Transcribe the records word for word, beginning with the first line and ending with the line that contains "apply: connect_trans (block_to_hub"; include nothing else.

- _Input records_:
▼

Definition near (t : BV n) : {set BV n} :=
  if t is Some (i, _) then None |: [set Some (i, k) | k : 'I_3] else [set None].

Lemma card_near t : #|near t| <= 4.
Proof.
case: t => [[i k]|]; last by rewrite /= cards1.
rewrite /= cardsU1 -[4]/(1 + 3); apply: leq_add; first exact: leq_b1.
by apply: leq_trans (leq_imset_card _ _) _; rewrite card_ord.
Qed.

Lemma far_edge_connected t x y : bouquet x y -> y != t -> x \notin near t ->
  connect (del_node btree t) x y.
Proof.
case: x => [[i k]|]; last by case: t => [[j l]|] /=; rewrite !inE eqxx.
case: t => [[j l]|] /= xy yt.
  rewrite !inE negb_or /= => x_far.
  have i_j : ~~ in_block i (Some (j, l)).
    by apply: contraNN x_far => /= /eqP ji; apply/imsetP; exists k; rewrite // ji.
  apply: connect_trans (block_to_hub k (isT : Some (j, l) != None) i_j) _.
  case: y xy yt => [[i' k']|] //= /andP [/eqP ii' _] _.
  by rewrite (sym_connect_sym (btree_del_sym _)); apply: block_to_hub; rewrite -?ii'.
case: y xy yt => [[i' k']|] //= /andP [/eqP ii' _] _ _.
apply: connect_trans (block_to_base k (isT : ~~ in_block i None)) _.
by rewrite (sym_connect_sym (btree_del_sym _)) -ii'; apply: block_to_base.
Qed.

(* Hence every crossing edge at t has both ends near t: cross(t) <= 16/2. *)
Lemma btree_cross t : cross (@bouquet n) btree id t <= 8.
Proof.
rewrite /cross; apply: leq_trans (leq_div2r 2 (_ : _ <= 16)) _ => //.
apply: leq_trans (subset_leq_card (_ : _ \subset setX (near t) (near t))) _.
  apply/subsetP => [[x y]]; rewrite !inE /= => /and4P [xy xt yt not_conn].
  apply/andP; split; apply: contraNT not_conn => far; first exact: far_edge_connected.
  rewrite (sym_connect_sym (btree_del_sym _)).
  by apply: far_edge_connected; rewrite // bouquet_sym.
by rewrite cardsX -[16]/(4 * 4); apply: leq_mul; apply: card_near.
Qed.

Lemma bouquet_ecrw alpha : 0 < alpha -> ecrw_le alpha (@bouquet n) 8.
Proof.
move=> alpha_pos; exists (BV n), btree, id; split.
- exact: ptree_is_tree bdep_par.
- move=> t; rewrite /bag (_ : [set v | id v == t] = [set t]) ?cards1 //.
  by apply/setP => v; rewrite !inE.
- exact: btree_cross.
Qed.

End BouquetTree.

Lemma unbounded_by_ecrw (width_le : forall V : finType, rel V -> nat -> Prop)
    alpha : 0 < alpha ->
  (forall n, exists w, width_le _ (@bouquet n) w) ->
  (forall n w, width_le _ (@bouquet n) w -> (3 * n).+1 <= w * w) ->
  ~ exists f : nat -> nat,
      forall (V : finType) (e : rel V), simple_graph e ->
      forall k w, is_ecrw alpha e k ->
      (width_le V e w /\ forall w', width_le V e w' -> w <= w') -> w <= f k.
Proof.
move=> alpha_pos width_finite width_lb [f f_bound].
pose M := \max_(j < 9) f j; pose n := M * M.
have [k [ecrw_k k_min]] := exists_minimum (ex_intro _ 8 (bouquet_ecrw n alpha_pos)).
have k_small : k < 9 by rewrite ltnS; apply: k_min; exact: bouquet_ecrw.
have [w [width_w w_min]] := exists_minimum (width_finite n).
have w_M : w <= M.
  have := f_bound _ _ (bouquet_simple n) k w (conj ecrw_k k_min) (conj width_w w_min).
  move/leq_trans; apply.
  exact: (@leq_bigmax _ (fun j : 'I_9 => f j) (Ordinal k_small)).
have := width_lb n w width_w; have := leq_mul w_M w_M; rewrite /n; lia.
Qed.

Theorem lemma3p7 (alpha : nat) (Halpha : 0 < alpha) :
  (~ exists f : nat -> nat,
       forall (V : finType) (e : rel V), simple_graph e ->
       forall k w, is_ecrw alpha e k -> is_stcw e w -> w <= f k) /\
  (~ exists f : nat -> nat,
       forall (V : finType) (e : rel V), simple_graph e ->
       forall k w, is_ecrw alpha e k -> is_tcw e w -> w <= f k).
Proof.
split.
- exact: (unbounded_by_ecrw Halpha (fun n => stcw_finite (@bouquet n)) bouquet_stcw_lb).
- exact: (unbounded_by_ecrw Halpha (fun n => tcw_finite (@bouquet n)) bouquet_tcw_lb).
Qed.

▲

- _Task response_:
Definition near (t : BV n) : {set BV n} :=
  if t is Some (i, _) then None |: [set Some (i, k) | k : 'I_3] else [set None].

Lemma card_near t : #|near t| <= 4.
Proof.
case: t => [[i k]|]; last by rewrite /= cards1.
rewrite /= cardsU1 -[4]/(1 + 3); apply: leq_add; first exact: leq_b1.
by apply: leq_trans (leq_imset_card _ _) _; rewrite card_ord.
Qed.

Lemma far_edge_connected t x y : bouquet x y -> y != t -> x \notin near t ->
  connect (del_node btree t) x y.
Proof.
case: x => [[i k]|]; last by case: t => [[j l]|] /=; rewrite !inE eqxx.
case: t => [[j l]|] /= xy yt.
  rewrite !inE negb_or /= => x_far.
  have i_j : ~~ in_block i (Some (j, l)).
    by apply: contraNN x_far => /= /eqP ji; apply/imsetP; exists k; rewrite // ji.
  apply: connect_trans (block_to_hub k (isT : Some (j, l) != None) i_j) _.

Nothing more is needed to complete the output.